On December 11, 1992, Eric Welling, Clinton B. Newman and J. Lynn Smith, then
debenture holders of the Company, filed a complaint in the Third Judicial
District Court in Salt Lake County, in the State of Utah, demanding unpaid
principal and interest of $120,740 on the Series A debentures and $177,260 on
the Series C debentures.  On March 3, 1993 the Board of Directors of the Company
passed a resolution that provides for 1) at least 50 percent of all future
Critikon royalties to be paid to all debenture holders proportionate to the
amount of debentures purchased, 2) an increase in the interest rate on the
debentures to 15 percent (effective October 1, 1992), 3) improved communications
with debenture holders and 4) completion of an independent technical review of
the Company's non-invasive hematocrit technology by July 1, 1993.  The Board has
completed all but the fourth item.  Effective September 25, 1995, the Company
settled litigation with Clinton B. Newman and J. Lynn Smith by issuing them
5,243 and 11,008 shares of its Series A Preferred Stock, respectively, and
paying them $23,595 and $49,534, respectively in exchange for settlement of
their lawsuit on the debentures and full satisfaction of their debentures.
Newman and Smith have delivered Stipulations of Dismissal with respect to the
suit to the Company.  As additional consideration

                                       8

 
for their participation in the settlement agreement, the Company agreed to issue
to Newman and Smith, without additional consideration, additional shares of
common stock of the Company equal to the number of conversion shares they
received upon exercise of their conversion rights under the Series A Preferred
Shares during the period October 1, 1996 through October 1, 1997.  The right to
receive such additional shares expires if the parties do not exercise their
conversion rights during the period in question. Effective September 27, 1995,
the Company paid Eric Welling $80,040 to settle outstanding debenture
obligations of $99,069 owing to him and the lawsuit he had brought to collect
amounts owing to him.  Dr. Welling has also delivered a Stipulation of Dismissal
of the litigation he had brought against the Company.

NOTE D--BANK LOAN; ASSIGNMENTS FOR SECURITY

Effective August 31, 1995, the Board of Directors approved  borrowing funds from
a commercial bank.  During September, 1995, the bank approved a loan of $500,000
to the Company bearing interest at prime plus 1 1/4%.  The initial interest rate
is 10% per annum.  Principal and interest payments are due quarterly, with
$12,500 principal plus accrued interest, payable at the end of each quarter.
The entire remaining unpaid balance of principal and interest is due and payable
on August 1, 1998.  Larry E. Clark, President and Director of the Company, is a
co-obligor on the loan.  The Company expects debt service (including principal
and interest payments) during the first year to be approximately $95,000.
Payment of the bank loan is secured by an assignment of the Johnson & Johnson
Medical, Inc. Agreement, which would be available to the bank as security in the
event of a Company default on the bank loan.  The Company considers the loan to
be well secured with over $1,000,000 of additional collateral supplied by the
Company's president, Larry E. Clark.  In consideration of the collateral
provided by Mr. Clark, the Board of Directors has granted Mr. Clark, effective
October 16, 1995, non-qualified options to purchase 500,000 shares of the
Company's common stock at a price of $.30 per share, exercisable for 10 years.
The Company has also granted Mr. Clark a security interest in the Johnson &
Johnson Medical Agreement to secure him for any liability or loss he may suffer
as a result of placing his collateral and credit at risk.

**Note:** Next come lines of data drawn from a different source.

(* Let $\mathbb{R}^n_s$ be $\mathbb{R}^n$ with a non-degenerate symmetric bilinear form of signature $(n-s,s)$, and let $G\subset\mathrm{Iso}(\mathbb{R}^n_s)$ be a real Zariski-closed subgroup whose centralizer in $\mathrm{Iso}(\mathbb{R}^n_s)$ acts transitively on $\mathbb{R}^n$. Then the action of $G$ on $\mathbb{R}^n$ is principal.
   Context: The action of $G$ on $\mathbb{R}^n$ is free. A free action of an algebraic group $G$ on an affine variety $V$ is principal if the map $G\times V\to V\times V$, $(g,x)\mapsto(g.x,x)$ is an algebraic isomorphism onto its image; equivalently, the map $\beta(y,x)=g_{yx}$, where $g_{yx}\in G$ is the unique element with $g_{yx}.x=y$, defined on the graph $\{(g.x,x)\}$ of the action, is a morphism. *)

From HB Require Import structures.
From mathcomp Require Import all_boot all_order all_algebra.
From mathcomp Require Import reals.
From mathcomp Require Import mpoly.

Set Implicit Arguments. Unset Strict Implicit. Unset Printing Implicit Defensive.
Import Order.TTheory GRing.Theory Num.Theory.
Local Open Scope ring_scope.

Section Defs.
Variables (R : realType) (n s : nat).

Definition sigform : 'M[R]_n :=
  \matrix_(i < n, j < n) (if i == j then (if (i < n - s)%N then 1 else -1) else 0).

(* An affine map x |-> A x + b of R^n, represented by the pair (A, b). *)
Definition aff := ('M[R]_n * 'cV[R]_n)%type.

Definition act (g : aff) (x : 'cV[R]_n) : 'cV[R]_n := g.1 *m x + g.2.

Definition aff_comp (g h : aff) : aff := (g.1 *m h.1, g.1 *m h.2 + g.2).

Definition aff_id : aff := (1%:M, 0).

Definition isIso (g : aff) : Prop := g.1^T *m sigform *m g.1 = sigform.

Definition aff_coords (g : aff) : 'I_(n * n + n) -> R :=
  fun k => match split k with
           | inl j => mxvec g.1 0 j
           | inr j => g.2 j 0
           end.

Definition pair_coords (y x : 'cV[R]_n) : 'I_(n + n) -> R :=
  fun k => match split k with
           | inl j => y j 0
           | inr j => x j 0
           end.

Definition is_subgroup_Iso (G : aff -> Prop) : Prop :=
  [/\ forall g, G g -> isIso g,
      G aff_id,
      forall g h, G g -> G h -> G (aff_comp g h) &
      forall g, G g -> exists2 h, G h & aff_comp g h = aff_id].

Definition zariski_closed (G : aff -> Prop) : Prop :=
  exists P : {mpoly R[n * n + n]} -> Prop,
    forall g, G g <-> forall p, P p -> p.@[aff_coords g] = 0.

Definition centralizer_transitive (G : aff -> Prop) : Prop :=
  forall x y : 'cV[R]_n, exists h, [/\ isIso h,
      forall g, G g -> aff_comp h g = aff_comp g h &
      act h x = y].

Definition free_action (G : aff -> Prop) : Prop :=
  forall g x, G g -> act g x = x -> g = aff_id.

Definition regular_on (m : nat) (S : ('I_m -> R) -> Prop) (f : ('I_m -> R) -> R) :=
  exists p q : {mpoly R[m]},
    forall z, S z -> q.@[z] != 0 /\ f z = p.@[z] / q.@[z].

Definition principal_action (G : aff -> Prop) : Prop :=
  free_action G /\
  exists beta : ('I_(n + n) -> R) -> aff,
    (forall g x, G g -> beta (pair_coords (act g x) x) = g) /\
    let Gamma := fun z => exists g x, G g /\ z = pair_coords (act g x) x in
    (forall i j : 'I_n, regular_on Gamma (fun z => (beta z).1 i j)) /\
    (forall i : 'I_n, regular_on Gamma (fun z => (beta z).2 i 0)).

End Defs.

From HB Require Import structures.
From mathcomp Require Import all_boot all_order all_algebra.
From mathcomp Require Import boolp reals.
From mathcomp Require Import mpoly.

(* Let h commute with G and send 0 to x.  Then g.x - x = h.(g.0) - h.0 = h.1 g.2
   for every g in G, with h.1 invertible: the displacement of g at any point is
   an invertible linear image of its translation part.  Two consequences follow.
   First, a fixed point of g is carried everywhere by the centralizer, so the
   action is free.  Second, choose g_1, ..., g_k in G whose translation parts
   form a basis of the span of all translation parts; if g.0 = sum mu_l g_l.0
   then g and 1 + sum mu_l (g_l - 1) have the same displacement everywhere, so
   they are equal.  At a point (y, x) of the graph the displacements
   g_l.x - x are independent and span y - x, so mu is recovered by least
   squares, mu = (y - x)^T Q^T (Q Q^T)^-1 with Q the matrix of displacements at
   x: a rational function of (y, x) whose denominator det (Q Q^T) never
   vanishes. *)

Set Implicit Arguments. Unset Strict Implicit. Unset Printing Implicit Defensive.
Import Order.TTheory GRing.Theory Num.Theory.
Local Open Scope ring_scope.

Lemma row_free_col_mx (F : fieldType) m n (B : 'M[F]_(m, n)) (v : 'rV[F]_n) :
  row_free B -> ~~ (v <= B)%MS -> row_free (col_mx B v).
Proof.
move=> /eqP rkB vB; rewrite /row_free eqn_leq rank_leq_row /=.
rewrite [X in (X <= _)%N]addn1 -[X in X.+1]rkB; apply: rank_ltmx.
by rewrite ltmxE col_mx_sub submx_refl vB -addsmxE addsmxSl.
Qed.

Section AffineMaps.
Variables (R : realType) (n : nat).
Implicit Types (g h : aff R n) (x : 'cV[R]_n).

Lemma act_comp g h x : act (aff_comp g h) x = act g (act h x).
Proof. by rewrite /act /aff_comp /= mulmxDr mulmxA addrA. Qed.

Lemma act_inj g h : act g =1 act h -> g = h.
Proof.
move=> e; have e2 : g.2 = h.2 by have := e 0; rewrite /act !mulmx0 !add0r.
have e1 : g.1 = h.1.
  apply/matrixP=> i j; have := e (delta_mx j 0); rewrite /act e2 => /addIr.
  by rewrite -!colE => /(congr1 (fun v : 'cV_n => v i 0)); rewrite !mxE.
by case: g h {e} e1 e2 => [A b] [A' b'] /= -> ->.
Qed.

Definition aff_comb k (gs : 'I_k -> aff R n) (mu : 'rV[R]_k) : aff R n :=
  (1%:M + \sum_l mu 0 l *: ((gs l).1 - 1%:M), \sum_l mu 0 l *: (gs l).2).

Definition transl_mx k (gs : 'I_k -> aff R n) : 'M[R]_(k, n) :=
  \matrix_l (gs l).2^T.

Definition disp_mx k (gs : 'I_k -> aff R n) x : 'M[R]_(k, n) :=
  \matrix_l (act (gs l) x - x)^T.

Lemma disp_mx_comb k (gs : 'I_k -> aff R n) mu x :
  (act (aff_comb gs mu) x - x)^T = mu *m disp_mx gs x.
Proof.
rewrite mulmx_sum_row; under [RHS]eq_bigr => l _ do rewrite rowK -linearZ.
rewrite -linear_sum /act /aff_comb /= mulmxDl mul1mx addrAC [x + _]addrC addrK.
rewrite mulmx_suml -big_split /=; congr _^T; apply: eq_bigr => l _.
by rewrite -scalemxAl -scalerDr mulmxBl mul1mx addrAC.
Qed.

Lemma aff_comb1E k (gs : 'I_k -> aff R n) mu i j :
  (aff_comb gs mu).1 i j = (i == j)%:R + \sum_l mu 0 l * ((gs l).1 i j - (i == j)%:R).
Proof.
rewrite /= !mxE summxE; congr (_ + _); apply: eq_bigr => l _.
by rewrite !mxE.
Qed.

Lemma aff_comb2E k (gs : 'I_k -> aff R n) mu i :
  (aff_comb gs mu).2 i 0 = \sum_l mu 0 l * (gs l).2 i 0.
Proof. by rewrite /= summxE; apply: eq_bigr => l _; rewrite mxE. Qed.

Lemma translation_basis (G : aff R n -> Prop) :
  exists k (gs : 'I_k -> aff R n), [/\ forall i, G (gs i), row_free (transl_mx gs) &
    forall g, G g -> exists mu, g.2^T = mu *m transl_mx gs].
Proof.
pose P k :=
  `[< exists gs : 'I_k -> aff R n, (forall i, G (gs i)) /\ row_free (transl_mx gs) >].
have P0 : exists k, P k.
  exists 0%N; apply/asboolP; exists (fun=> aff_id R n); split; first by case.
  by rewrite /row_free -leqn0 rank_leq_row.
have Pn k : P k -> (k <= n)%N by move=> /asboolP[gs [_ /eqP <-]]; apply: rank_leq_col.
case: (ex_maxnP P0 Pn) => m /asboolP[gs [Ggs free_gs]] max_m.
exists m, gs; split=> // g Gg; apply/submxP; apply: contraT => gs_g.
suff /max_m : P (m + 1)%N by rewrite addn1 ltnn.
pose ext (i : 'I_(m + 1)) := if split i is inl j then gs j else g.
apply/asboolP; exists ext; split; first by move=> i; rewrite /ext; case: split.
suff -> : transl_mx ext = col_mx (transl_mx gs) g.2^T by apply: row_free_col_mx.
apply/row_matrixP => i; rewrite rowK -[i]splitK /ext unsplitK.
by case: (split i) => j /=; rewrite ?rowKu ?rowKd ?rowK ?row_id.
Qed.

End AffineMaps.

Section Isometries.
Variables (R : realType) (n s : nat).

Lemma sigform_sq : sigform R n s *m sigform R n s = 1%:M.
Proof.
apply/matrixP=> i j; rewrite !mxE (bigD1 i) //= big1 => [|k nki]; last first.
  by rewrite !mxE eq_sym (negbTE nki) mul0r.
rewrite !mxE eqxx addr0; case: eqP => [->|_]; last by rewrite mulr0.
by case: ifP => _; rewrite ?mulr1 ?mulrNN ?mulr1.
Qed.

Lemma isIso_unitmx (g : aff R n) : isIso s g -> g.1 \in unitmx.
Proof.
move=> iso_g.
suff /mulmx1_unit[] : (sigform R n s *m g.1^T *m sigform R n s) *m g.1 = 1%:M by [].
by rewrite -!mulmxA (mulmxA g.1^T) iso_g sigform_sq.
Qed.

End Isometries.

Section LeastSquares.
Variables (R : realFieldType) (k n : nat).

Lemma mul_tr_eq0 (w : 'rV[R]_n) : w *m w^T = 0 -> w = 0.
Proof.
move=> /(congr1 (fun M : 'M_1 => M 0 0)); rewrite !mxE => ww0; apply/rowP => j.
have /psumr_eq0P/(_ j isT) : \sum_l w 0 l * w 0 l = 0.
  by rewrite -[RHS]ww0; apply: eq_bigr => l _; rewrite mxE.
by move=> /(_ (fun l _ => sqr_ge0 _))/eqP; rewrite mulf_eq0 orbb mxE => /eqP.
Qed.

Lemma row_free_mul_tr_unit (Q : 'M[R]_(k, n)) : row_free Q -> Q *m Q^T \in unitmx.
Proof.
move=> /row_freeP[B QB]; rewrite -row_free_unit -kermx_eq0; apply/eqP.
apply/row_matrixP => i; rewrite row0; set v := row i _.
have vQQ : v *m (Q *m Q^T) = 0 by rewrite /v -row_mul mulmx_ker row0.
have vQ : v *m Q = 0.
  by apply: mul_tr_eq0; rewrite trmx_mul mulmxA -(mulmxA v) vQQ mul0mx.
by rewrite -[v]mulmx1 -QB mulmxA vQ mul0mx.
Qed.

Lemma least_squares_coef (Q : 'M[R]_(k, n)) (mu : 'rV[R]_k) :
  row_free Q -> mu *m Q *m Q^T *m invmx (Q *m Q^T) = mu.
Proof. by move=> /row_free_mul_tr_unit QQu; rewrite -(mulmxA mu) mulmxK. Qed.

End LeastSquares.

Section CentralizerTransitive.
Variables (R : realType) (n s : nat) (G : aff R n -> Prop).
Hypothesis cent_trans : centralizer_transitive s G.

Lemma centralizer_transitive_free : free_action G.
Proof.
move=> g x Gg gx; apply: act_inj => y; rewrite [RHS]/act mul1mx addr0.
have [h [_ hg <-]] := cent_trans x y.
by rewrite -act_comp -hg // act_comp gx.
Qed.

Lemma disp_linear x : exists2 C : 'M[R]_n, C \in unitmx &
  forall g, G g -> act g x - x = C *m g.2.
Proof.
have [h [iso_h hg <-]] := cent_trans 0 x; exists h.1; first exact: isIso_unitmx iso_h.
by move=> g Gg; rewrite -act_comp -hg // act_comp /act !mulmx0 !add0r addrK.
Qed.

Lemma disp_mx_transl k (gs : 'I_k -> aff R n) x (C : 'M[R]_n) :
  (forall i, G (gs i)) -> (forall g, G g -> act g x - x = C *m g.2) ->
  disp_mx gs x = transl_mx gs *m C^T.
Proof.
move=> Ggs dispC; apply/row_matrixP => l.
by rewrite row_mul !rowK dispC // trmx_mul.
Qed.

Lemma row_free_disp_mx k (gs : 'I_k -> aff R n) x :
  (forall i, G (gs i)) -> row_free (transl_mx gs) -> row_free (disp_mx gs x).
Proof.
move=> Ggs free_gs; have [C C_unit dispC] := disp_linear x.
by rewrite (disp_mx_transl Ggs dispC) /row_free mxrankMfree // row_free_unit unitmx_tr.
Qed.

Lemma aff_comb_transl k (gs : 'I_k -> aff R n) g mu :
  (forall i, G (gs i)) -> G g -> g.2^T = mu *m transl_mx gs -> g = aff_comb gs mu.
Proof.
move=> Ggs Gg g_mu; apply: act_inj => x; apply: (addIr (- x)); apply: trmx_inj.
have [C _ dispC] := disp_linear x.
by rewrite disp_mx_comb (disp_mx_transl Ggs dispC) mulmxA -g_mu dispC // trmx_mul.
Qed.

End CentralizerTransitive.

Section RationalCoefficients.
Variables (R : realType) (n k : nat) (gs : 'I_k -> aff R n).
Local Notation P := {mpoly R[n + n]}.
Implicit Types (z : 'I_(n + n) -> R) (x y : 'cV[R]_n).

Definition fst_pt z : 'cV[R]_n := \col_j z (lshift n j).
Definition snd_pt z : 'cV[R]_n := \col_j z (rshift n j).

Lemma fst_pt_pair y x : fst_pt (pair_coords y x) = y.
Proof. by apply/colP=> j; rewrite !mxE /pair_coords (unsplitK (inl _)). Qed.

Lemma snd_pt_pair y x : snd_pt (pair_coords y x) = x.
Proof. by apply/colP=> j; rewrite !mxE /pair_coords (unsplitK (inr _)). Qed.

Definition comb_coef z : 'rV[R]_k :=
  let Q := disp_mx gs (snd_pt z) in
  (fst_pt z - snd_pt z)^T *m Q^T *m invmx (Q *m Q^T).

Definition Xfst : 'cV[P]_n := \col_j 'X_(lshift n j).
Definition Xsnd : 'cV[P]_n := \col_j 'X_(rshift n j).

Definition act_mpoly (g : aff R n) (X : 'cV[P]_n) : 'cV[P]_n :=
  map_mx (@mpolyC (n + n) R) g.1 *m X + map_mx (@mpolyC (n + n) R) g.2.

Definition disp_mpoly : 'M[P]_(k, n) := \matrix_l (act_mpoly (gs l) Xsnd - Xsnd)^T.

Definition coef_den : P := \det (disp_mpoly *m disp_mpoly^T).

Definition coef_num : 'rV[P]_k :=
  (Xfst - Xsnd)^T *m disp_mpoly^T *m \adj (disp_mpoly *m disp_mpoly^T).

Lemma map_mx_mevalC z p q (A : 'M[R]_(p, q)) :
  map_mx (meval z) (map_mx (@mpolyC (n + n) R) A) = A.
Proof. by apply/matrixP=> i j; rewrite !mxE mevalC. Qed.

Lemma Xfst_eval z : map_mx (meval z) Xfst = fst_pt z.
Proof. by apply/colP=> j; rewrite !mxE mevalXU. Qed.

Lemma Xsnd_eval z : map_mx (meval z) Xsnd = snd_pt z.
Proof. by apply/colP=> j; rewrite !mxE mevalXU. Qed.

Lemma disp_mpoly_eval z : map_mx (meval z) disp_mpoly = disp_mx gs (snd_pt z).
Proof.
apply/row_matrixP => l; rewrite -map_row !rowK -map_trmx.
by rewrite /act_mpoly !raddfB raddfD /= map_mxM !map_mx_mevalC Xsnd_eval.
Qed.

Lemma coef_den_eval z :
  coef_den.@[z] = \det (disp_mx gs (snd_pt z) *m (disp_mx gs (snd_pt z))^T).
Proof. by rewrite -det_map_mx map_mxM -map_trmx disp_mpoly_eval. Qed.

Lemma comb_coefE z l :
  disp_mx gs (snd_pt z) *m (disp_mx gs (snd_pt z))^T \in unitmx ->
  comb_coef z 0 l = (coef_num 0 l).@[z] / coef_den.@[z].
Proof.
move=> QQu.
have -> : (coef_num 0 l).@[z] = map_mx (meval z) coef_num 0 l by rewrite [RHS]mxE.
rewrite coef_den_eval /comb_coef /= /invmx QQu /coef_num.
rewrite !map_mxM map_mx_adj map_mxM -!map_trmx map_mxB.
by rewrite Xfst_eval Xsnd_eval disp_mpoly_eval -scalemxAr mxE mulrC.
Qed.

End RationalCoefficients.

Lemma regular_on_affine_frac (R : realType) m (S : ('I_m -> R) -> Prop)
    (f : ('I_m -> R) -> R) (q : {mpoly R[m]}) k (L : 'I_k -> {mpoly R[m]})
    (c : R) (a : 'I_k -> R) :
  (forall z, S z -> q.@[z] != 0) ->
  (forall z, S z -> f z = c + \sum_l (L l).@[z] / q.@[z] * a l) ->
  regular_on S f.
Proof.
move=> q_neq0 fE; exists (c%:MP * q + \sum_l L l * (a l)%:MP), q => z Sz.
split; first exact: q_neq0.
rewrite fE // rmorphD rmorphM /= mevalC mulrDl mulfK ?q_neq0 // rmorph_sum mulr_suml.
by congr (_ + _); apply: eq_bigr => l _; rewrite rmorphM /= mevalC mulrAC.
Qed.

Theorem lemma6p1 (R : realType) (n s : nat) (G : aff R n -> Prop) :
  (s <= n)%N ->
  is_subgroup_Iso s G ->
  zariski_closed G ->
  centralizer_transitive s G ->
  principal_action G.
Proof.
move=> _ _ _ cent_trans; split; first exact: centralizer_transitive_free cent_trans.
have [k [gs [Ggs free_gs span_gs]]] := translation_basis G.
have free_disp x : row_free (disp_mx gs x) := row_free_disp_mx cent_trans x Ggs free_gs.
have QQu z := row_free_mul_tr_unit (free_disp (snd_pt z)).
have den_neq0 z : (coef_den gs).@[z] != 0 by rewrite coef_den_eval -unitfE -unitmxE.
exists (fun z => aff_comb gs (comb_coef gs z)); split; [|split].
- move=> g x Gg; have [mu g_mu] := span_gs g Gg.
  have g_comb := aff_comb_transl cent_trans Ggs Gg g_mu.
  suff -> : comb_coef gs (pair_coords (act g x) x) = mu by [].
  rewrite /comb_coef /= fst_pt_pair snd_pt_pair {1}g_comb disp_mx_comb.
  exact: least_squares_coef.
- move=> i j; apply: (regular_on_affine_frac (c := (i == j)%:R)
    (a := fun l => (gs l).1 i j - (i == j)%:R) (fun z _ => den_neq0 z)) => z _.
  by rewrite aff_comb1E; congr (_ + _); apply: eq_bigr => l _; rewrite comb_coefE.
- move=> i; apply: (regular_on_affine_frac (c := 0)
    (a := fun l => (gs l).2 i 0) (fun z _ => den_neq0 z)) => z _.
  by rewrite aff_comb2E add0r; apply: eq_bigr => l _; rewrite comb_coefE.
Qed.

NOTE E--J & J MEDICAL CONTRACT

The Company reached an agreement dated June 15, 1995, with Johnson & Johnson
Medical, Inc., a New Jersey corporation, ("JJMI").   The Agreement replaces the
Company's agreement dated July 18, 1989 with Critikon, Inc. which had obligated
Critikon to pay a royalty to the Company based on certain technology MicroCor
had licensed to Critikon.  The new Agreement commits JJMI to pay a royalty to
the Company for each specified PLUS Vital Signs Monitor (the "Dinamap PLUS
Monitor") sold by JJMI to unaffiliated third parties.  In consideration of the
royalty, the Company has granted JJMI

                                       9

 
nonexclusive worldwide license to the technology.  Under the terms of the new
Agreement, the Company expects to receive an increased per unit royalty rate
when compared to the prior agreement.  The new royalty rate was effective as of
January 2, 1995.

Under the new Agreement, JJMI is obligated to retain records for at least three
years after the end of each royalty period.  MircoCor has the right to audit the
records upon reasonable notice.  Sales are reported and royalties are paid
quarterly to InMedica three months after the end of the quarterly period in
question.  In the event the technology licensed by MicroCor should be found to
infringe the valid patent rights of others, pursuant to an opinion of counsel,
then JJMI is authorized to settle with such third parties and deduct the amount
of the settlement from royalties due MicroCor, not to exceed one half of the
royalties owing to MircoCor.  In the event JJMI took a license or made a lump
sum settlement to settle any dispute, the amount of abatement of the royalty
payable to MicroCor would be subject to good faith negotiation.

The new Agreement is to continue so long as JJMI continues to sell Dinamap PLUS
Monitors, but may be terminated upon the dissolution, winding up, bankruptcy or
material breach of contract of either party.


NOTE F--SUBSEQUENT EVENTS

For a description of certain subsequent events affecting or possibly affecting
the financial statements of the Company, see Part II, Item 5, sub-parts 1-4.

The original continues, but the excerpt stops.